While the above studies demonstrate the importance of metacognitive accuracy, based on CR measurement, as far as we know, no study focused on metacognitive efficiency. In the current study, we deal for the first time with efficiency in metacognition concerning voice emotion recognition. Specifically, we asked whether correct performance in emotion recognition test would yield significant higher CR, compared to CR assigned to incorrect performance? As we intend to focus on voice communication, we adhere to previous suggestions that gender roles should be studied within a given societal context, particularly language (Keshtiari and Kuhlmann, 2016; Hall et al., 2021). As a result, we used an emotional target originally designed in Hebrew (Sinvani and Sapir, 2022) in the form of repeated lexical sentences, reflecting discrete emotions (anger, sadness, happiness, fear, and surprise) as well as neutral expression. In this way, we intended to focus on emotional prosodic cues separately from semantic cues. Earlier studies have discussed such methodologies (Paulmann and Kotz, 2008; Sinvani and Sapir, 2022), with particular recommendations in the diagnostic analysis of nonverbal accuracy 2 (DANVA-2), emphasizing the independent role of prosodic cues in emotion recognition (Nowicki and Duke, 2008). To answer our question, we used performance-based tests for emotion recognition by voice, followed by CR reported trial by trial. For the purpose of metacognitive efficiency detection, we set the mean CR scores for correct to incorrect performances. We hypothesis to find significant difference between CR assigned to correct and incorrect performance, where higher CR would be assigned to the correct performance. By hypothesizing that, we actually expect to illustrate here efficient in metacognition across all tested emotions, perceived by voice.

Materials and methods

Recording stage

Participants

A sample of recorders (i.e., encoders) comprised of 30 participants (16 men; 14 women). All encoders were actors (15 professional; 15 non-professional), native Hebrew speakers and were either undergraduate or graduate students at Haifa University, 20–35 years of age (M = 25.07, SD = 2.29). They had normal hearing, which was verified by a standard audiological assessment for pure tones from 0.5 to 8 kHz (Koerner and Zhang, 2018). None had any history of speech, language, or hearing disorders or psychiatric illnesses.

Procedure

Before the experiment commenced, participants were given a description of the experimental procedure and their tasks. Participants then signed a consent form and completed a short demographic questionnaire concerning age and gender. The study procedure included a brief hearing test and a recording stage. All procedures were conducted in the same acoustic room in the Interdisciplinary Clinics Center at Haifa University.

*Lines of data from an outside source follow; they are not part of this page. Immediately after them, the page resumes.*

(* Let $\|\cdot\|_{Lo}$ be the Lorentz norm on $\mathbb{R}^p$ ($p\ge2$), with allowed sets all $S\subset\{1,\dots,p\}$ containing $p$ and associated norms $\Omega^{S^c}$ as in the context. Fix $J\subset\{1,\dots,p\}$ and let $g$ be the gauge norm described in the context. Then $g(\beta)=\|\beta\|_1$ for all $\beta\in\mathbb{R}^p$.
   Context: The Lorentz cone is $\mathcal{A}:=\{a\in\mathbb{R}^p: a_j>0\ \forall j,\ a_p\ge\|(a_1,\dots,a_{p-1})\|_2\}$ and $\|\beta\|_{Lo}:=\inf_{a\in\mathcal{A}}\frac12\sum_{i=1}^p\big(\beta_i^2/a_i+a_i\big)$. For $S\ni p$, $\mathcal{A}_{S^c}:=\{(a_j)_{j\in S^c}:a\in\mathcal{A}\}$, $\Omega^{S^c}(\beta_{S^c}):=\inf_{a\in\mathcal{A}_{S^c}}\frac12\sum_{j\in S^c}\big(\beta_j^2/a_j+a_j\big)$, and $\Upsilon_S(\beta):=\|\beta_S\|_{Lo}+\Omega^{S^c}(\beta_{S^c})$, where $\beta_S$ has entries $\beta_j1\{j\in S\}$. Let $\beta_{f(J)}:=\beta_J-\beta_{J^{c}}$, $\mathrm{flip}_J(B):=\{\beta_{f(J)}:\beta\in B\}$, $\overline{B}:=\bigcup_{S\text{ allowed}}\{\beta:\Upsilon_S(\beta)\le1\}$, $B_g:=\mathrm{Conv}(\overline{B}\cup\mathrm{flip}_J(\overline{B}))$, and $g(x):=\inf\{t>0:x\in tB_g\}$. *)

From HB Require Import structures.
From mathcomp Require Import all_boot all_order all_algebra.
From mathcomp Require Import classical_sets boolp reals.
Set Implicit Arguments. Unset Strict Implicit. Unset Printing Implicit Defensive.
Import Order.TTheory GRing.Theory Num.Theory.
Local Open Scope ring_scope.
Local Open Scope classical_set_scope.

(* Coordinates {1,...,p} are indexed by 'I_p; the paper's coordinate p
   is the last index [ord_max] ('I_n.+1).  We work with p = n.+2 (p >= 2). *)

Section Defs.
Variables (R : realType) (n : nat).
Notation p := n.+2.
Notation vec := 'rV[R]_p.
Definition lst : 'I_p := ord_max.

Definition lorentz_cone : set vec :=
  [set a | (forall j, 0 < a 0 j) /\
           Num.sqrt (\sum_(j < p | j != lst) (a 0 j) ^+ 2) <= a 0 lst].

Definition lorentz_norm (b : vec) : R :=
  inf [set x | exists2 a, lorentz_cone a &
        x = 2^-1 * \sum_(i < p) ((b 0 i) ^+ 2 / a 0 i + a 0 i)].

Definition omega_Sc (S : {set 'I_p}) (b : vec) : R :=
  inf [set x | exists2 a, lorentz_cone a &
        x = 2^-1 * \sum_(j < p | j \notin S) ((b 0 j) ^+ 2 / a 0 j + a 0 j)].

Definition restr (S : {set 'I_p}) (b : vec) : vec :=
  \row_j (if j \in S then b 0 j else 0).

Definition Upsilon (S : {set 'I_p}) (b : vec) : R :=
  lorentz_norm (restr S b) + omega_Sc S b.

Definition allowed (S : {set 'I_p}) : bool := lst \in S.

Definition Bbar : set vec :=
  [set b | exists2 S, allowed S & Upsilon S b <= 1].

Definition flipv (J : {set 'I_p}) (b : vec) : vec :=
  restr J b - restr (~: J) b.

Definition conv_hull (A : set vec) : set vec :=
  [set x | exists m (w : 'I_m -> R) (v : 'I_m -> vec),
     [/\ forall i, 0 <= w i, \sum_(i < m) w i = 1, forall i, A (v i)
       & x = \sum_(i < m) w i *: v i]].

Definition Bg (J : {set 'I_p}) : set vec :=
  conv_hull (Bbar `|` (flipv J @` Bbar)).

Definition gauge (J : {set 'I_p}) (x : vec) : R :=
  inf [set t | 0 < t /\ exists2 y, Bg J y & x = t *: y].

Definition l1norm (b : vec) : R := \sum_(i < p) `|b 0 i|.

End Defs.

From HB Require Import structures.
From mathcomp Require Import all_boot all_order all_algebra.
From mathcomp Require Import classical_sets boolp reals.
From mathcomp Require Import ring lra.
Set Implicit Arguments. Unset Strict Implicit. Unset Printing Implicit Defensive.
Import Order.TTheory GRing.Theory Num.Theory.
Local Open Scope ring_scope.
Local Open Scope classical_set_scope.

(* By AM-GM, (x^2/a + a)/2 >= |x| for a > 0, with near-equality when a is
   slightly above |x|.  Hence every Upsilon_S dominates the l1 norm.  For
   S = {p} the vector beta_S lives on the last coordinate alone, and Omega^{S^c}
   does not see the last coordinate, so in both infima the cone constraint
   a_p >= ||(a_1,...,a_{p-1})||_2 can be met at an arbitrarily small cost:
   Upsilon_{{p}} is the l1 norm.  Thus Bbar is the l1 unit ball, which is
   convex and invariant under sign flips, so B_g is the l1 ball and its gauge
   is the l1 norm. *)

Lemma twice_norm_le_sqr_div_add {R : realFieldType} (b a : R) :
  0 < a -> 2 * `|b| <= b ^+ 2 / a + a.
Proof.
move=> a_gt0.
have -> : b ^+ 2 / a + a = (b ^+ 2 + a * a) / a by field; rewrite gt_eqF.
rewrite ler_pdivlMr // -real_normK ?num_real //.
have := sqr_ge0 (`|b| - a); nra.
Qed.

Lemma sqr_div_add_le_norm_add {R : realFieldType} (b a : R) :
  0 < a -> `|b| <= a -> b ^+ 2 / a + a <= `|b| + a.
Proof.
move=> a_gt0 b_le_a; rewrite lerD2r ler_pdivrMr // -real_normK ?num_real //.
have := normr_ge0 b; nra.
Qed.

Lemma inf_gt0_ge {R : realType} (l : R) : 0 <= l -> inf [set t | 0 < t /\ l <= t] = l.
Proof.
move=> l_ge0; have mem_gt t : l < t -> [set t | 0 < t /\ l <= t] t.
  by move=> lt; split; [exact: le_lt_trans lt | exact: ltW].
apply/eqP; rewrite eq_le; apply/andP; split.
  apply/ler_addgt0Pr => e e_gt0; apply: ge_inf; last by apply: mem_gt; rewrite ltrDl.
  by exists 0 => t [/ltW].
apply: lb_le_inf; first by exists (l + 1); apply: mem_gt; rewrite ltrDl.
by move=> t [].
Qed.

Section LorentzGauge.
Variables (R : realType) (n : nat).
Notation p := n.+2.
Notation vec := 'rV[R]_p.

Definition cone_cost (P : pred 'I_p) (b a : vec) : R :=
  2^-1 * \sum_(j < p | P j) (b 0 j ^+ 2 / a 0 j + a 0 j).

Definition cone_inf (P : pred 'I_p) (b : vec) : R :=
  inf [set x | exists2 a, lorentz_cone a & x = cone_cost P b a].

Lemma lorentz_normE (b : vec) : lorentz_norm b = cone_inf predT b.
Proof. by []. Qed.

Lemma omega_ScE (S : {set 'I_p}) (b : vec) :
  omega_Sc S b = cone_inf (fun j => j \notin S) b.
Proof. by []. Qed.

Definition cone_lift (u : vec) : vec :=
  \row_j (if j == lst n then Num.sqrt (\sum_(k < p | k != lst n) u 0 k ^+ 2) + u 0 j
          else u 0 j).

Lemma cone_lift_off (u : vec) j : j != lst n -> cone_lift u 0 j = u 0 j.
Proof. by rewrite mxE => /negbTE ->. Qed.

Lemma cone_lift_cone (u : vec) : (forall j, 0 < u 0 j) -> lorentz_cone (cone_lift u).
Proof.
move=> u_gt0; split.
  by move=> j; rewrite mxE; case: eqP => _ //; rewrite ltr_wpDl ?sqrtr_ge0.
rewrite mxE eqxx (eq_bigr (fun k => u 0 k ^+ 2)) => [|k kl]; last by rewrite cone_lift_off.
by rewrite lerDl ltW.
Qed.

Lemma exists_lorentz_cone : exists a : vec, lorentz_cone a.
Proof. by exists (cone_lift (const_mx 1)); apply: cone_lift_cone => j; rewrite mxE. Qed.

Lemma cone_cost_ge (P : pred 'I_p) (b a : vec) :
  lorentz_cone a -> \sum_(j < p | P j) `|b 0 j| <= cone_cost P b a.
Proof.
move=> [a_gt0 _].
have : \sum_(j < p | P j) 2 * `|b 0 j| <= \sum_(j < p | P j) (b 0 j ^+ 2 / a 0 j + a 0 j).
  by apply: ler_sum => j _; apply: twice_norm_le_sqr_div_add.
rewrite -mulr_sumr /cone_cost; lra.
Qed.

Lemma cone_inf_ge (P : pred 'I_p) (b : vec) :
  \sum_(j < p | P j) `|b 0 j| <= cone_inf P b.
Proof.
apply: lb_le_inf; last by move=> _ [a a_cone ->]; exact: cone_cost_ge.
by have [a a_cone] := exists_lorentz_cone; exists (cone_cost P b a), a.
Qed.

Lemma cone_inf_le (P : pred 'I_p) (b : vec) :
  (forall c, 0 < c -> exists2 a, lorentz_cone a &
     forall j, P j -> `|b 0 j| <= a 0 j <= `|b 0 j| + c) ->
  cone_inf P b <= \sum_(j < p | P j) `|b 0 j|.
Proof.
move=> near_opt; apply/ler_addgt0Pr => e e_gt0.
have p_gt0 : 0 < p%:R :> R by rewrite ltr0n.
have [d d_gt0 slack_le] : exists2 d : R, 0 < d & \sum_(j < p | P j) d <= e.
  exists (e / p%:R); first by rewrite divr_gt0.
  apply: le_trans (_ : \sum_(j < p) e / p%:R <= _).
    by rewrite [X in _ <= X](bigID P) /= lerDl sumr_ge0 // => j _; rewrite ltW ?divr_gt0.
  by rewrite sumr_const card_ord -(mulr_natr (e / p%:R)) divfK ?gt_eqF.
have [a a_cone a_near] := near_opt d d_gt0.
apply: le_trans (_ : cone_cost P b a <= _).
  apply: ge_inf; last by exists a.
  by exists 0 => _ [a' a'_cone ->]; exact: le_trans (sumr_ge0 _ _) (cone_cost_ge P b a'_cone).
have cost_le : \sum_(j < p | P j) (b 0 j ^+ 2 / a 0 j + a 0 j) <=
               \sum_(j < p | P j) (2 * `|b 0 j| + d).
  apply: ler_sum => j Pj; have /andP[ba ab] := a_near j Pj.
  have := sqr_div_add_le_norm_add (a_cone.1 j) ba; lra.
move: cost_le; rewrite [X in _ <= X]big_split /= -mulr_sumr /cone_cost; lra.
Qed.

Lemma cone_inf_le_off_last (P : pred 'I_p) (b : vec) :
  ~~ P (lst n) -> cone_inf P b <= \sum_(j < p | P j) `|b 0 j|.
Proof.
move=> Pl; apply: cone_inf_le => c c_gt0.
exists (cone_lift (\row_j (`|b 0 j| + c))).
  by apply: cone_lift_cone => j; rewrite mxE ltr_wpDl.
move=> j Pj; rewrite cone_lift_off; last by apply: contraNneq Pl => <-.
by rewrite mxE lerDl (ltW c_gt0) lexx.
Qed.

Lemma cone_inf_le_last (P : pred 'I_p) (b : vec) :
  (forall j, j != lst n -> b 0 j = 0) -> cone_inf P b <= \sum_(j < p | P j) `|b 0 j|.
Proof.
move=> b_last; apply: cone_inf_le => c c_gt0.
have p_gt0 : 0 < p%:R :> R by rewrite ltr0n.
(* The other coordinates of [b] vanish, so they only need a weight [d] small
   enough that the cone constraint costs at most [c] on the last one. *)
set d := c / p%:R; have d_gt0 : 0 < d by rewrite divr_gt0.
have d_le : d <= c by rewrite ler_pdivrMr // ler_pMr // ler1n.
exists (\row_j (if j == lst n then `|b 0 j| + c else d)); last first.
  move=> j _; rewrite mxE; case: eqP => [_|/eqP jl].
    by rewrite lerDl (ltW c_gt0) lexx.
  by rewrite b_last // normr0 add0r (ltW d_gt0) d_le.
split=> [j|]; first by rewrite mxE; case: eqP => _ //; rewrite ltr_wpDl.
rewrite mxE eqxx (eq_bigr (fun=> d ^+ 2)) => [|j /negbTE jl]; last by rewrite mxE jl.
apply: le_trans (_ : Num.sqrt (c ^+ 2) <= _); last by rewrite sqrtr_sqr gtr0_norm // lerDr.
rewrite ler_sqrt ?sqr_ge0 //; apply: le_trans (_ : \sum_(j < p) d ^+ 2 <= _).
  by rewrite [X in _ <= X](bigID (fun j => j != lst n)) /= lerDl sumr_ge0 // => *; exact: sqr_ge0.
rewrite sumr_const card_ord -mulr_natr expr2 -mulrA [d * _]mulrC divfK ?gt_eqF //.
by rewrite expr2 ler_pM2l.
Qed.

Lemma l1norm_ge0 (b : vec) : 0 <= l1norm b.
Proof. exact: sumr_ge0. Qed.

Lemma l1normZ (t : R) (b : vec) : l1norm (t *: b) = `|t| * l1norm b.
Proof. by rewrite /l1norm mulr_sumr; apply: eq_bigr => j _; rewrite mxE normrM. Qed.

Lemma l1norm_sum (m : nat) (v : 'I_m -> vec) :
  l1norm (\sum_(i < m) v i) <= \sum_(i < m) l1norm (v i).
Proof.
rewrite /l1norm exchange_big /=; apply: ler_sum => j _.
by rewrite summxE; exact: ler_norm_sum.
Qed.

Lemma l1norm_flipv (J : {set 'I_p}) (b : vec) : l1norm (flipv J b) = l1norm b.
Proof.
apply: eq_bigr => j _; rewrite !mxE inE.
by case: (j \in J); rewrite /= ?subr0 ?sub0r ?normrN.
Qed.

Lemma l1norm_restr_split (S : {set 'I_p}) (b : vec) :
  l1norm b = l1norm (restr S b) + \sum_(j < p | j \notin S) `|b 0 j|.
Proof.
rewrite /l1norm (bigID (mem S)) /= [in X in X + _]big_mkcond /=.
congr (_ + _); apply: eq_bigr => j _; rewrite mxE.
by case: ifP; rewrite ?normr0.
Qed.

Lemma Upsilon_ge (S : {set 'I_p}) (b : vec) : l1norm b <= Upsilon S b.
Proof.
by rewrite (l1norm_restr_split S) /Upsilon lorentz_normE omega_ScE lerD ?cone_inf_ge.
Qed.

Lemma Upsilon_last_le (b : vec) : Upsilon [set lst n]%SET b <= l1norm b.
Proof.
rewrite (l1norm_restr_split [set lst n]%SET) /Upsilon lorentz_normE omega_ScE lerD //.
  by apply: cone_inf_le_last => j jl; rewrite mxE inE (negbTE jl).
by apply: cone_inf_le_off_last; rewrite inE negbK.
Qed.

Lemma Bbar_l1ballE : Bbar (n := n) = [set b : vec | l1norm b <= 1].
Proof.
apply/seteqP; split=> b.
  by move=> [S _]; exact: le_trans (Upsilon_ge S b).
by exists [set lst n]%SET; [rewrite /allowed inE | exact: le_trans (Upsilon_last_le b) _].
Qed.

Lemma sub_conv_hull (A : set vec) : A `<=` conv_hull A.
Proof.
move=> b Ab; exists 1%N, (fun=> 1), (fun=> b).
by split=> //; rewrite big_ord1 // scale1r.
Qed.

Lemma conv_hull_sub_l1ball (A : set vec) :
  A `<=` [set b | l1norm b <= 1] -> conv_hull A `<=` [set b | l1norm b <= 1].
Proof.
move=> A_sub _ [m [w [v [w_ge0 w_sum1 Av ->]]]].
apply: le_trans (l1norm_sum _) _; rewrite -w_sum1; apply: ler_sum => i _.
by rewrite l1normZ ger0_norm // ler_piMr // A_sub.
Qed.

Lemma Bg_l1ballE (J : {set 'I_p}) : Bg J = [set b : vec | l1norm b <= 1].
Proof.
apply/seteqP; split; last by move=> b b_le1; apply: sub_conv_hull; left; rewrite Bbar_l1ballE.
apply: conv_hull_sub_l1ball => x; rewrite Bbar_l1ballE => -[// | [b b_le1 <-]].
by rewrite /= l1norm_flipv.
Qed.

Lemma scaled_l1ballP (b : vec) (t : R) :
  0 < t -> (exists2 y, l1norm y <= 1 & b = t *: y) <-> l1norm b <= t.
Proof.
move=> t_gt0; split=> [[y y_le1 ->]|b_le].
  by rewrite l1normZ gtr0_norm //; exact: ler_piMr (ltW t_gt0) y_le1.
exists (t^-1 *: b); last by rewrite scalerA mulfV ?gt_eqF ?scale1r.
by rewrite l1normZ gtr0_norm ?invr_gt0 // ler_pdivrMl // mulr1.
Qed.

End LorentzGauge.

Theorem lemma12 (R : realType) (n : nat) (J : {set 'I_n.+2}) (b : 'rV[R]_n.+2) :
  gauge J b = l1norm b.
Proof.
rewrite /gauge Bg_l1ballE -[RHS]inf_gt0_ge ?l1norm_ge0 //.
congr inf; apply/seteqP; split=> t [t_gt0 bt]; split=> //; exact/(scaled_l1ballP b t_gt0).
Qed.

Stimuli were repeated lexical sentence in Hebrew, previously reported in Sinvani and Sapir (2022), meaning “Oh really? I can't believe it!” [/Ma/Be/e/met/A/ni/lo//Ma/a/mi/na/]. Here, the same experimenter (first author) instructed the encoders to vocally enact the repeated target sentence in five discrete emotions: anger, happiness, sadness, fear, and surprise. The elicitation of audio samples followed a design of 30 actors × five emotions × 1 sentence, resulting in 150 emotional utterances. In addition, each of the 30 actors uttered the sentence in a neutral, non-emotional fashion, yielding additional 30 neutral stimuli. The speech recordings were obtained in a sound-proof booth using a head-mounted condenser microphone (AKG C410) positioned 10 cm and 45–50° from the left oral angle. The signal was pre-amplified, low pass-filtered at 9.8 kHz and digitized to a computer hard disk at a sampling rate of 22 kHz (Stipancic and Tjaden, 2022), using Cool Edit Pro version 2.0. All audio clips were auditory scanned to ensure adequate amplitude and no missing data (i.e., speakers produced all utterances). The full set of audio clips is available from the authors upon request.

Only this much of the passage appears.